### Problem statement
From the records below, output exactly the lines running from the line containing "assert (0 <= (beta m - beta 1%nat) * (theta" through the line containing "M) (theta K)) /\", and no others.

### Data excerpts
(* Let $\pi>0$, let $0<\theta_1<\dots<\theta_K$ and $0\le\beta_1<\dots<\beta_M\le1$, and let $A:[0,D]\to[0,\infty)$ be differentiable with $A'(Q)<0$ on $[0,D]$. For $Q\in[0,D]$ define $\sigma(Q,\beta,\theta)=-[\theta\beta+\pi(1-\beta)]A'(Q)$. Let $\Lambda_1$ denote a user type $(\beta_m,\theta_k)$ with the smallest value of $\sigma(Q,\cdot)$ and $\Lambda_{KM}$ a user type with the largest value of $\sigma(Q,\cdot)$ among the $KM$ types. Then: (i) if $\theta_1<\theta_K<\pi$, one may take $\Lambda_1=(\beta_M,\theta_1)$ and $\Lambda_{KM}=(\beta_1,\theta_K)$; (ii) if $\theta_1<\pi<\theta_K$, one may take $\Lambda_1=(\beta_M,\theta_1)$ and $\Lambda_{KM}=(\beta_M,\theta_K)$; (iii) if $\pi<\theta_1<\theta_K$, one may take $\Lambda_1=(\beta_1,\theta_1)$ and $\Lambda_{KM}=(\beta_M,\theta_K)$. (That is, in each case the stated type minimizes, resp. maximizes, $\sigma(Q,\cdot)$ over all $KM$ types, for every $Q$.)
   Context: Model: $\pi$ is the overage price per unit of data beyond the cap; $A(Q)$ is a subscriber's expected overage consumption under data cap $Q$ (decreasing and convex). A user type $(\beta,\theta)$ consists of a data valuation $\theta$ and a network substitutability $\beta$; $\sigma$ is the user's willingness-to-pay (slope of his indifference curve in the cap/fee plane). Types are sorted as $\Lambda_1,\dots,\Lambda_{KM}$ in ascending order of $\sigma$; this ordering does not depend on $Q$. *)

From Stdlib Require Import Reals.
Open Scope R_scope.

(* Willingness-to-pay of a user of type (beta, theta) at data cap Q, where
   dA is the derivative A' of the expected overage consumption A. *)
Definition sigma (pi : R) (dA : R -> R) (Q beta theta : R) : R :=
  - (theta * beta + pi * (1 - beta)) * dA Q.

Definition is_min_type (pi : R) (dA : R -> R) (K M : nat)
  (beta theta : nat -> R) (Q b t : R) : Prop :=
  forall k m, (1 <= k <= K)%nat -> (1 <= m <= M)%nat ->
    sigma pi dA Q b t <= sigma pi dA Q (beta m) (theta k).

Definition is_max_type (pi : R) (dA : R -> R) (K M : nat)
  (beta theta : nat -> R) (Q b t : R) : Prop :=
  forall k m, (1 <= k <= K)%nat -> (1 <= m <= M)%nat ->
    sigma pi dA Q (beta m) (theta k) <= sigma pi dA Q b t.

From Pilot Require Import Defs.
From Stdlib Require Import Reals Lra Lia.
Open Scope R_scope.

(* Since A' < 0, sigma orders the types as the valuation
   w(beta, theta) = pi + beta (theta - pi) does.  For beta >= 0, w increases
   with theta, so the extremal types have theta_1 resp. theta_K; along
   beta, w has slope theta - pi, so the extremal beta is beta_1 or beta_M
   according to the sign of theta_1 - pi resp. theta_K - pi. *)

Lemma increasing_bounds (f : nat -> R) (n : nat) :
  (forall i j, (1 <= i)%nat -> (i < j)%nat -> (j <= n)%nat -> f i < f j) ->
  forall i, (1 <= i <= n)%nat -> f 1%nat <= f i <= f n.
Proof.
  intros f_incr i [i_ge1 i_le_n]; split.
  - destruct (Nat.eq_dec i 1) as [->|i_ne1]; [lra|].
    left; apply f_incr; lia.
  - destruct (Nat.eq_dec i n) as [->|i_ne_n]; [lra|].
    left; apply f_incr; lia.
Qed.

(* Qualified because [Reals] exports its own [sigma] (finite sums). *)
Lemma sigma_le (pi : R) (dA : R -> R) (Q b t b' t' : R) :
  dA Q < 0 ->
  t * b + pi * (1 - b) <= t' * b' + pi * (1 - b') ->
  Defs.sigma pi dA Q b t <= Defs.sigma pi dA Q b' t'.
Proof.
  intros dA_neg w_le; unfold Defs.sigma.
  rewrite <- !Ropp_mult_distr_l, !Ropp_mult_distr_r.
  apply Rmult_le_compat_r; lra.
Qed.

Section ExtremalTypes.

Variables (pi : R) (dA : R -> R) (K M : nat) (beta theta : nat -> R) (Q : R).

Hypothesis dA_neg : dA Q < 0.
Hypothesis beta1_ge0 : 0 <= beta 1%nat.
Hypothesis beta_range :
  forall m, (1 <= m <= M)%nat -> beta 1%nat <= beta m <= beta M.
Hypothesis theta_range :
  forall k, (1 <= k <= K)%nat -> theta 1%nat <= theta k <= theta K.

Lemma min_type_theta1_le_pi :
  theta 1%nat <= pi -> is_min_type pi dA K M beta theta Q (beta M) (theta 1%nat).
Proof.
  intros theta1_le k m Hk Hm; apply sigma_le; [exact dA_neg|].
  destruct (beta_range m Hm), (theta_range k Hk).
  assert (0 <= beta m * (theta k - theta 1%nat)) by (apply Rmult_le_pos; lra).
  assert (0 <= (beta M - beta m) * (pi - theta 1%nat)) by (apply Rmult_le_pos; lra).
  lra.
Qed.

Lemma min_type_pi_le_theta1 :
  pi <= theta 1%nat -> is_min_type pi dA K M beta theta Q (beta 1%nat) (theta 1%nat).
Proof.
  intros theta1_ge k m Hk Hm; apply sigma_le; [exact dA_neg|].
  destruct (beta_range m Hm), (theta_range k Hk).
  assert (0 <= beta m * (theta k - theta 1%nat)) by (apply Rmult_le_pos; lra).
  assert (0 <= (beta m - beta 1%nat) * (theta 1%nat - pi)) by (apply Rmult_le_pos; lra).
  lra.
Qed.

Lemma max_type_thetaK_le_pi :
  theta K <= pi -> is_max_type pi dA K M beta theta Q (beta 1%nat) (theta K).
Proof.
  intros thetaK_le k m Hk Hm; apply sigma_le; [exact dA_neg|].
  destruct (beta_range m Hm), (theta_range k Hk).
  assert (0 <= beta m * (theta K - theta k)) by (apply Rmult_le_pos; lra).
  assert (0 <= (beta m - beta 1%nat) * (pi - theta K)) by (apply Rmult_le_pos; lra).
  lra.
Qed.

Lemma max_type_pi_le_thetaK :
  pi <= theta K -> is_max_type pi dA K M beta theta Q (beta M) (theta K).
Proof.
  intros thetaK_ge k m Hk Hm; apply sigma_le; [exact dA_neg|].
  destruct (beta_range m Hm), (theta_range k Hk).
  assert (0 <= beta m * (theta K - theta k)) by (apply Rmult_le_pos; lra).
  assert (0 <= (beta M - beta m) * (theta K - pi)) by (apply Rmult_le_pos; lra).
  lra.
Qed.

End ExtremalTypes.

Theorem proposition2
  (pi D : R) (K M : nat) (theta beta : nat -> R) (A dA : R -> R)
  (Hpi : 0 < pi)
  (HK : (1 <= K)%nat) (HM : (1 <= M)%nat)
  (Htheta0 : 0 < theta 1%nat)
  (Htheta : forall i j, (1 <= i)%nat -> (i < j)%nat -> (j <= K)%nat -> theta i < theta j)
  (Hbeta0 : 0 <= beta 1%nat) (Hbeta1 : beta M <= 1)
  (Hbeta : forall i j, (1 <= i)%nat -> (i < j)%nat -> (j <= M)%nat -> beta i < beta j)
  (HA0 : forall Q, 0 <= Q <= D -> 0 <= A Q)
  (HdA : forall Q, 0 <= Q <= D -> derivable_pt_lim A Q (dA Q))
  (HdAneg : forall Q, 0 <= Q <= D -> dA Q < 0) :
  (theta 1%nat < theta K < pi ->
     forall Q, 0 <= Q <= D ->
       is_min_type pi dA K M beta theta Q (beta M) (theta 1%nat) /\
       is_max_type pi dA K M beta theta Q (beta 1%nat) (theta K)) /\
  (theta 1%nat < pi < theta K ->
     forall Q, 0 <= Q <= D ->
       is_min_type pi dA K M beta theta Q (beta M) (theta 1%nat) /\
       is_max_type pi dA K M beta theta Q (beta M) (theta K)) /\
  (pi < theta 1%nat < theta K ->
     forall Q, 0 <= Q <= D ->
       is_min_type pi dA K M beta theta Q (beta 1%nat) (theta 1%nat) /\
       is_max_type pi dA K M beta theta Q (beta M) (theta K)).
Proof.
  pose proof (increasing_bounds theta K Htheta) as theta_range.
  pose proof (increasing_bounds beta M Hbeta) as beta_range.
  split; [|split]; intros [] Q HQ; pose proof (HdAneg Q HQ); split.
  - apply min_type_theta1_le_pi; auto; lra.
  - apply max_type_thetaK_le_pi; auto; lra.
  - apply min_type_theta1_le_pi; auto; lra.
  - apply max_type_pi_le_thetaK; auto; lra.
  - apply min_type_pi_le_theta1; auto; lra.
  - apply max_type_pi_le_thetaK; auto; lra.
Qed.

### Solution for this problem
  assert (0 <= (beta m - beta 1%nat) * (theta 1%nat - pi)) by (apply Rmult_le_pos; lra).
  lra.
Qed.

Lemma max_type_thetaK_le_pi :
  theta K <= pi -> is_max_type pi dA K M beta theta Q (beta 1%nat) (theta K).
Proof.
  intros thetaK_le k m Hk Hm; apply sigma_le; [exact dA_neg|].
  destruct (beta_range m Hm), (theta_range k Hk).
  assert (0 <= beta m * (theta K - theta k)) by (apply Rmult_le_pos; lra).
  assert (0 <= (beta m - beta 1%nat) * (pi - theta K)) by (apply Rmult_le_pos; lra).
  lra.
Qed.

Lemma max_type_pi_le_thetaK :
  pi <= theta K -> is_max_type pi dA K M beta theta Q (beta M) (theta K).
Proof.
  intros thetaK_ge k m Hk Hm; apply sigma_le; [exact dA_neg|].
  destruct (beta_range m Hm), (theta_range k Hk).
  assert (0 <= beta m * (theta K - theta k)) by (apply Rmult_le_pos; lra).
  assert (0 <= (beta M - beta m) * (theta K - pi)) by (apply Rmult_le_pos; lra).
  lra.
Qed.

End ExtremalTypes.

Theorem proposition2
  (pi D : R) (K M : nat) (theta beta : nat -> R) (A dA : R -> R)
  (Hpi : 0 < pi)
  (HK : (1 <= K)%nat) (HM : (1 <= M)%nat)
  (Htheta0 : 0 < theta 1%nat)
  (Htheta : forall i j, (1 <= i)%nat -> (i < j)%nat -> (j <= K)%nat -> theta i < theta j)
  (Hbeta0 : 0 <= beta 1%nat) (Hbeta1 : beta M <= 1)
  (Hbeta : forall i j, (1 <= i)%nat -> (i < j)%nat -> (j <= M)%nat -> beta i < beta j)
  (HA0 : forall Q, 0 <= Q <= D -> 0 <= A Q)
  (HdA : forall Q, 0 <= Q <= D -> derivable_pt_lim A Q (dA Q))
  (HdAneg : forall Q, 0 <= Q <= D -> dA Q < 0) :
  (theta 1%nat < theta K < pi ->
     forall Q, 0 <= Q <= D ->
       is_min_type pi dA K M beta theta Q (beta M) (theta 1%nat) /\
       is_max_type pi dA K M beta theta Q (beta 1%nat) (theta K)) /\
  (theta 1%nat < pi < theta K ->
     forall Q, 0 <= Q <= D ->
       is_min_type pi dA K M beta theta Q (beta M) (theta 1%nat) /\
       is_max_type pi dA K M beta theta Q (beta M) (theta K)) /\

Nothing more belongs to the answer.